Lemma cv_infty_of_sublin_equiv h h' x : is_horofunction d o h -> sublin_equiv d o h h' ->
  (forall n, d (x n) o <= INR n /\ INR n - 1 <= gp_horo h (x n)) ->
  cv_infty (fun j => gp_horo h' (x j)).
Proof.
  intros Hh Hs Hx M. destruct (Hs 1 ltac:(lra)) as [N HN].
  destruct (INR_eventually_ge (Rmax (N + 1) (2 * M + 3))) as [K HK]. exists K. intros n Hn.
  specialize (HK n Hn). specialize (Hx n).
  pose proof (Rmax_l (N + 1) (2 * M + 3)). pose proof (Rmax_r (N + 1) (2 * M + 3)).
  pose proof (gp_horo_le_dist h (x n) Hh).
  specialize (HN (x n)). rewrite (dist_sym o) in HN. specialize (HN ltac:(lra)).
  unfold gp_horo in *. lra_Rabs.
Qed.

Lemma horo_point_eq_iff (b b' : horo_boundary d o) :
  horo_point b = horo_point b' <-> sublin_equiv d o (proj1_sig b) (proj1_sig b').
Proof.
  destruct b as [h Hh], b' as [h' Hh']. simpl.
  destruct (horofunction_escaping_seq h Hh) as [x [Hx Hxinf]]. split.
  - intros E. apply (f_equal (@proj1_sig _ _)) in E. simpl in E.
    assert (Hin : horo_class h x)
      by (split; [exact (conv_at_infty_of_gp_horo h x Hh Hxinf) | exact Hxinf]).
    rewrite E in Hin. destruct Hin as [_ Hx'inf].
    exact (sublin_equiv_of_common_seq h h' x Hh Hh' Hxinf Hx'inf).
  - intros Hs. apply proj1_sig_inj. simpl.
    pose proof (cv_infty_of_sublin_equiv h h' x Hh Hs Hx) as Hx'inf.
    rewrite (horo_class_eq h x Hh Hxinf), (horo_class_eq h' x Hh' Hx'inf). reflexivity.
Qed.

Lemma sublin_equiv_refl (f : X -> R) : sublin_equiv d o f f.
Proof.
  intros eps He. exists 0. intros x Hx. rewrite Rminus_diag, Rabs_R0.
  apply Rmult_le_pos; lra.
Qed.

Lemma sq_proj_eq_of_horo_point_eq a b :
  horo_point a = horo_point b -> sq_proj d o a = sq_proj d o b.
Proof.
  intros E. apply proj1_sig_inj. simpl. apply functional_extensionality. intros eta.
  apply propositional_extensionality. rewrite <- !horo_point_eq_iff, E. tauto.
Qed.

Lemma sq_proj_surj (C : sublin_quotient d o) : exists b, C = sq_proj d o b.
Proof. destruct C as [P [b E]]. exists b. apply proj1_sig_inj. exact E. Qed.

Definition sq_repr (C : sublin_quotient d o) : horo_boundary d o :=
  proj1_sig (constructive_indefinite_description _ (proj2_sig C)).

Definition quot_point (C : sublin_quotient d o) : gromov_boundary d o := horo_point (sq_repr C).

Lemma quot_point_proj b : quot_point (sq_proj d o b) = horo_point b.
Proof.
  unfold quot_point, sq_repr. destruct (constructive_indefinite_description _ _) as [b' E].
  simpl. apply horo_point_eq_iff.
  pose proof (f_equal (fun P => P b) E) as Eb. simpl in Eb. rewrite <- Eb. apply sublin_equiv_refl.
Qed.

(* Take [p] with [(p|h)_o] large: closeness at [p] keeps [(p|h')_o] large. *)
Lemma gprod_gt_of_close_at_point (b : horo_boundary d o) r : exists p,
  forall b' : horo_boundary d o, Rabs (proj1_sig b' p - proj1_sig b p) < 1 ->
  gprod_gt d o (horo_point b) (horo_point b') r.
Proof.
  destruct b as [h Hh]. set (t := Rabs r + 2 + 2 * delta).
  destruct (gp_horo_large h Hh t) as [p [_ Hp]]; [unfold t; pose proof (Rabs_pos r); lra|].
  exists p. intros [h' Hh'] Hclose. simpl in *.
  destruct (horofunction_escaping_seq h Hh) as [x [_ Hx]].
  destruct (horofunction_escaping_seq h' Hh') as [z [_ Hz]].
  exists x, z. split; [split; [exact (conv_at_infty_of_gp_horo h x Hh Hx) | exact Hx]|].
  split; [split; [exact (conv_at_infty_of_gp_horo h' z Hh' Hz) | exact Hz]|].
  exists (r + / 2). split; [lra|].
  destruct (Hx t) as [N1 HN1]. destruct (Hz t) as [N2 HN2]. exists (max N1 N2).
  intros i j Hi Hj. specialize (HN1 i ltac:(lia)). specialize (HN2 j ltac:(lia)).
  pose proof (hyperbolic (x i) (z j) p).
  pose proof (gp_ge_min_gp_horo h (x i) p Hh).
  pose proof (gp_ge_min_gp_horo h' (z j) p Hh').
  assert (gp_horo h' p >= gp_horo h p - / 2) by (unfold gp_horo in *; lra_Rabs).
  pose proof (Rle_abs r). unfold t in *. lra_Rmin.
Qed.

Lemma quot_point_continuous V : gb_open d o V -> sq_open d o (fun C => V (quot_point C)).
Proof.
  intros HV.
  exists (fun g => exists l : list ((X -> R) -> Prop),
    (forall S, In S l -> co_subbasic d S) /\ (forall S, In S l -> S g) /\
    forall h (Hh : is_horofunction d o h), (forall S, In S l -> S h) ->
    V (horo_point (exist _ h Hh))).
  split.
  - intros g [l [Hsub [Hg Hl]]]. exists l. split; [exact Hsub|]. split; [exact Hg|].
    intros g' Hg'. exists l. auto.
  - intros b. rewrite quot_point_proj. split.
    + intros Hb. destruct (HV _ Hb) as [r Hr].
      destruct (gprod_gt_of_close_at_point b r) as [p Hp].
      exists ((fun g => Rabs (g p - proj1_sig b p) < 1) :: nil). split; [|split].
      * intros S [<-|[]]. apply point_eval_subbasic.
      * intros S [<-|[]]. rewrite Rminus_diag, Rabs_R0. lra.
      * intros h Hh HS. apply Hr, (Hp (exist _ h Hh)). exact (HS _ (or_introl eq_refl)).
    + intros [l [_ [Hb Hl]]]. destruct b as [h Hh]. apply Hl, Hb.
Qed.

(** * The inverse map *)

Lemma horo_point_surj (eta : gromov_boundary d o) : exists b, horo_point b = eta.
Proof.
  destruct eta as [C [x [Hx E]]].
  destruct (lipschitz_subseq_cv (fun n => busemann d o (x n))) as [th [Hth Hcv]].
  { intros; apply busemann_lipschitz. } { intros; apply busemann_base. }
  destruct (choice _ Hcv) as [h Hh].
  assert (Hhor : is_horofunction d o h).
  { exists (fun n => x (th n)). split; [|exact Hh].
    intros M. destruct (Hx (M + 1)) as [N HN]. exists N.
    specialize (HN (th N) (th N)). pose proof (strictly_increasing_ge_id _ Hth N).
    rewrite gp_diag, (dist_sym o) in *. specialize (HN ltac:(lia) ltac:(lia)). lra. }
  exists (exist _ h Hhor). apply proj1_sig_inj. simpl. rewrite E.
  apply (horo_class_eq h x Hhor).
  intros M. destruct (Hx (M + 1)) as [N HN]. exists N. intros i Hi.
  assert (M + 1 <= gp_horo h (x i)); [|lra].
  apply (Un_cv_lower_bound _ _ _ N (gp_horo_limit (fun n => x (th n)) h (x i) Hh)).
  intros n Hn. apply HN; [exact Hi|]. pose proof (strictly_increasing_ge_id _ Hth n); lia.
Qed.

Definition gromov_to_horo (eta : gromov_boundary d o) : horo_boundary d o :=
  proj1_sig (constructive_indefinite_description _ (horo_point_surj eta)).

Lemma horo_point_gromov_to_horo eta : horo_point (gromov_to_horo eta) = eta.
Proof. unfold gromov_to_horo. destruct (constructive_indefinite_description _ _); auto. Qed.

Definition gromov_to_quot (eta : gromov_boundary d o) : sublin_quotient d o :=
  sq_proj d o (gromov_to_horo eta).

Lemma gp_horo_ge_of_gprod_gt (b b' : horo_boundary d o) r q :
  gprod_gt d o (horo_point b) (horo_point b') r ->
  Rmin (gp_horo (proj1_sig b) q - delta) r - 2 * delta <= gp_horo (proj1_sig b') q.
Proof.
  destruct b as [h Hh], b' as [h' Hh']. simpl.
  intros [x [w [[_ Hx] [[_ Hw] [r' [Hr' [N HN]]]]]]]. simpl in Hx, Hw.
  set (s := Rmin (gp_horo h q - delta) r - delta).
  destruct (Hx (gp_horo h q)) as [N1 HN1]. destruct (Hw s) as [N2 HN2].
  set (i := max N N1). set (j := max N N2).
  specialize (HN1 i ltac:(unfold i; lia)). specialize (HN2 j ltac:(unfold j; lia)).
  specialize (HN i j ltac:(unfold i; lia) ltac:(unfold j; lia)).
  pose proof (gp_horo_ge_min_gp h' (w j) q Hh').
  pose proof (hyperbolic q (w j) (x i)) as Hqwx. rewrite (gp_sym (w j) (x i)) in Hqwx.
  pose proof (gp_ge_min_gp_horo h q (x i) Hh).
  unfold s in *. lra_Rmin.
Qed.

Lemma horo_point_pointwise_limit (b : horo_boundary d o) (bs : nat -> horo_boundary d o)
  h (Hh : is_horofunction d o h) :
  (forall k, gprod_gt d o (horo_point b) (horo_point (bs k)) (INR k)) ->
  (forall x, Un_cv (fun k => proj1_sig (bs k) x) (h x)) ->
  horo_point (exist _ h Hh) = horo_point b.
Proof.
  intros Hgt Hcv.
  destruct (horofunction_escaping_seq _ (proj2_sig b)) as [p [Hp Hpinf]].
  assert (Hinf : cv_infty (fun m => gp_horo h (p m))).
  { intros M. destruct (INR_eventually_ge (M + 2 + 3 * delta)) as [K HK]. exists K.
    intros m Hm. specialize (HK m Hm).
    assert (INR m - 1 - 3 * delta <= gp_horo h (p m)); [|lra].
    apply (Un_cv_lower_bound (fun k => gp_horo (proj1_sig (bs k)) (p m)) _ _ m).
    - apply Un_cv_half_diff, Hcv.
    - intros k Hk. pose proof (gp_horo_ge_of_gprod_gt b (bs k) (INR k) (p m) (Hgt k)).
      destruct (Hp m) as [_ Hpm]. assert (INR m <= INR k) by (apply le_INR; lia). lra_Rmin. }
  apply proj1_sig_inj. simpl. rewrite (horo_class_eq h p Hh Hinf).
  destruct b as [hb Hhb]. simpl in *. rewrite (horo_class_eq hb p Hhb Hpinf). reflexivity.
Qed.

____

■ **WHAT THIS TASK INVOLVES**: Restate the listing exactly, starting at its first line and ending at the line where "Lemma horo_point_eq_iff (b" occurs; include both and no other lines.

■ **YOUR SOLUTION**:
Lemma cv_infty_of_sublin_equiv h h' x : is_horofunction d o h -> sublin_equiv d o h h' ->
  (forall n, d (x n) o <= INR n /\ INR n - 1 <= gp_horo h (x n)) ->
  cv_infty (fun j => gp_horo h' (x j)).
Proof.
  intros Hh Hs Hx M. destruct (Hs 1 ltac:(lra)) as [N HN].
  destruct (INR_eventually_ge (Rmax (N + 1) (2 * M + 3))) as [K HK]. exists K. intros n Hn.
  specialize (HK n Hn). specialize (Hx n).
  pose proof (Rmax_l (N + 1) (2 * M + 3)). pose proof (Rmax_r (N + 1) (2 * M + 3)).
  pose proof (gp_horo_le_dist h (x n) Hh).
  specialize (HN (x n)). rewrite (dist_sym o) in HN. specialize (HN ltac:(lra)).
  unfold gp_horo in *. lra_Rabs.
Qed.

Lemma horo_point_eq_iff (b b' : horo_boundary d o) :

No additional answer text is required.